An emerging unholy alliance between Israel, Saudi Arabia and the US is a key driver behind potentially the biggest arms deal in US history

It is ironic United States President Barack Obama, 2009 Nobel Peace Prize laureate, stands poised to preside over the sale of up to US$60 billion worth of 'sophisticated weaponry' - a bland euphemism for some of the most efficient killing machinery ever devised - to Saudi Arabia.

So much for America’s continued perception of itself as advancing the cause of democracy and human rights in this region. True, President Obama and Secretary of State Clinton have backed away somewhat from making this an explicit foreign policy goal in the Middle East, but this duo have never been slow to castigate less strategically important regimes for alleged shortcomings in governance and human rights.

The Saudi monarchy ranks as one of the most authoritarian, not to mention misogynist, regimes on the planet.
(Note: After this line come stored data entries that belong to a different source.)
Lemma indep_transversal_contract A' a u :
  indep_transversal W' lab' A' -> a \in A' -> lab' a = lab x ->
  u \in [set x; mate x] -> lab u != lab a -> indep_transversal W lab (u |: A').
Proof.
move=> [sA'W' hitA' injA' indepA'] A'a lab'a u_xy lab_ua.
have notA' w : w \in [set x; mate x] -> w \notin A'.
  move=> xyw; apply/negP => /(subsetP sA'W'); rewrite mem_contract.
  by case/set2P: xyw => ->; rewrite eqxx ?andbF.
have merged_xy w : w \in [set x; mate x] -> merged w.
  by case/set2P=> ->; rewrite !inE eqxx ?orbT.
have ma : merged a by rewrite -relabel_merged lab'a.
have mu := merged_xy u u_xy.
have merged_cases v : merged v -> lab v = lab u \/ lab v = lab a.
  by move=> mv; apply: mem_pair_cases mu ma mv lab_ua.
have A'_not_u b : b \in A' -> lab b != lab u.
  move=> A'b; apply: contra_neq lab_ua => lab_bu.
  have mb : merged b by rewrite lab_bu.
  rewrite -lab_bu; congr lab; apply: injA' => //; apply/eqP.
  by rewrite lab'a relabel_merged.
split.
- rewrite subUset sub1set (subset_trans sA'W' (subsetDl _ _)) andbT.
  by case/set2P: u_xy => ->.
- move=> v Wv; case: (boolP (merged v)) => [/merged_cases[] | umv].
  + by exists u; rewrite ?setU11.
  + by exists a; rewrite ?setU1r.
  have [b A'b lab'b] := hitA' v (unmerged_contract Wv umv).
  have umb : ~~ merged b by rewrite -relabel_merged lab'b relabel_merged.
  by exists b; rewrite ?setU1r // -relabel_unmerged // lab'b relabel_unmerged.
- move=> b c; rewrite !in_setU1 => /orP[/eqP-> | A'b] /orP[/eqP-> | A'c] //.
  + by move=> lab_uc; move: (A'_not_u c A'c); rewrite lab_uc eqxx.
  + by move=> lab_bu; move: (A'_not_u b A'b); rewrite lab_bu eqxx.
  by move=> lab_bc; apply: injA' => //; rewrite /relabel lab_bc.
- have mate_u : mate u \in [set x; mate x].
    by case/set2P: u_xy => ->; rewrite !inE ?mateK eqxx ?orbT.
  move=> b; rewrite !in_setU1 negb_or => /orP[/eqP-> | A'b].
    by rewrite mate_neq notA'.
  rewrite indepA' // andbT; apply/eqP => mate_b.
  by have := notA' _ mate_u; rewrite -mate_b mateK A'b.
Qed.

End Contraction.

Lemma indep_transversal_add_block (W : {set T}) lab x A' :
  x \in W -> mate x \notin [set v in W | lab v != lab x] ->
  indep_transversal [set v in W | lab v != lab x] lab A' ->
  indep_transversal W lab (x |: A').
Proof.
move=> Wx mate_x [sA' hitA' injA' indepA'].
have lab_A' b : b \in A' -> lab b != lab x by move/(subsetP sA'); rewrite inE => /andP[].
split.
- rewrite subUset sub1set Wx; apply: subset_trans sA' _.
  by apply/subsetP => v; rewrite inE => /andP[].
- move=> v Wv; have [lab_vx | lab_vx] := eqVneq (lab v) (lab x).
    by exists x; rewrite ?setU11.
  have Wxv : v \in [set v in W | lab v != lab x] by rewrite inE Wv lab_vx.
  by have [b A'b lab_b] := hitA' v Wxv; exists b; rewrite ?setU1r.
- move=> b c; rewrite !in_setU1 => /orP[/eqP-> | A'b] /orP[/eqP-> | A'c] //.
  + by move=> lab_xc; move: (lab_A' c A'c); rewrite lab_xc eqxx.
  + by move=> lab_bx; move: (lab_A' b A'b); rewrite lab_bx eqxx.
  exact: injA'.
- move=> b; rewrite !in_setU1 negb_or => /orP[/eqP-> | A'b].
    by rewrite mate_neq; apply: contra mate_x; apply: (subsetP sA').
  rewrite indepA' // andbT; apply/eqP => mate_b.
  by move: mate_x; rewrite -{1}mate_b mateK (subsetP sA' _ A'b).
Qed.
Public beheadings are still routine practice (over half of those executed are foreigners from developing countries), physical and sexual abuse of South Asian maids is rampant and it is the only country in the world where women are not yet allowed to drive. And for those who have forgotten, it was the House of Saud that for years promulgated the extremist Wahhabist ideology that at least partly inspired the September 11 hijackers – 15 of whom originally hailed from this desert kingdom.

So what is behind quite possibly the largest ever single arms deal in United States history? A major driver is the emerging unholy alliance between Washington, Tel Aviv and Riyadh, which seeks to thwart Iran's growing influence in the region, itself a result of Washington’s foreign policy misadventures under Bush. It is even rumoured that the Saudis have given the green light for Israeli jets to fly over their airspace, in the event the Israelis decide to bomb Iran (though of course this is not something the custodian of Islam’s holiest sites would ever admit to in public).

On the Arab street and across much of the wider Muslim world, the ruling Saudi royal family is despised, and rightly so. Americans' continued untrammelled support for this repressive regime is a sore that fuels anti-American sentiment and undermines genuine efforts at diffusing tensions in the region. It is also surely just a matter of time before this policy manifests yet again in some form of ‘blowback’. 

Of course, Obama’s scramble to sell weapons to the Saudis is also about profits (and jobs) for the American military-industrial complex, amid fears that rival European arms manufacturers are gaining ground. The White House is reportedly to stress that an estimated 75,000 jobs in companies such as Boeing, Northrop Grumman, Lockheed Martin and General Electric will be protected if the deal goes through.

Obama is increasingly turning out to be America’s version of Tony Blair, who is currently using his penchant for double-speak and chicanery to promote his autobiography around the world. So much for Obama’s much-touted pre-election mantra, ‘change we can believe in’. Sadly, it is a continuation of more of the same.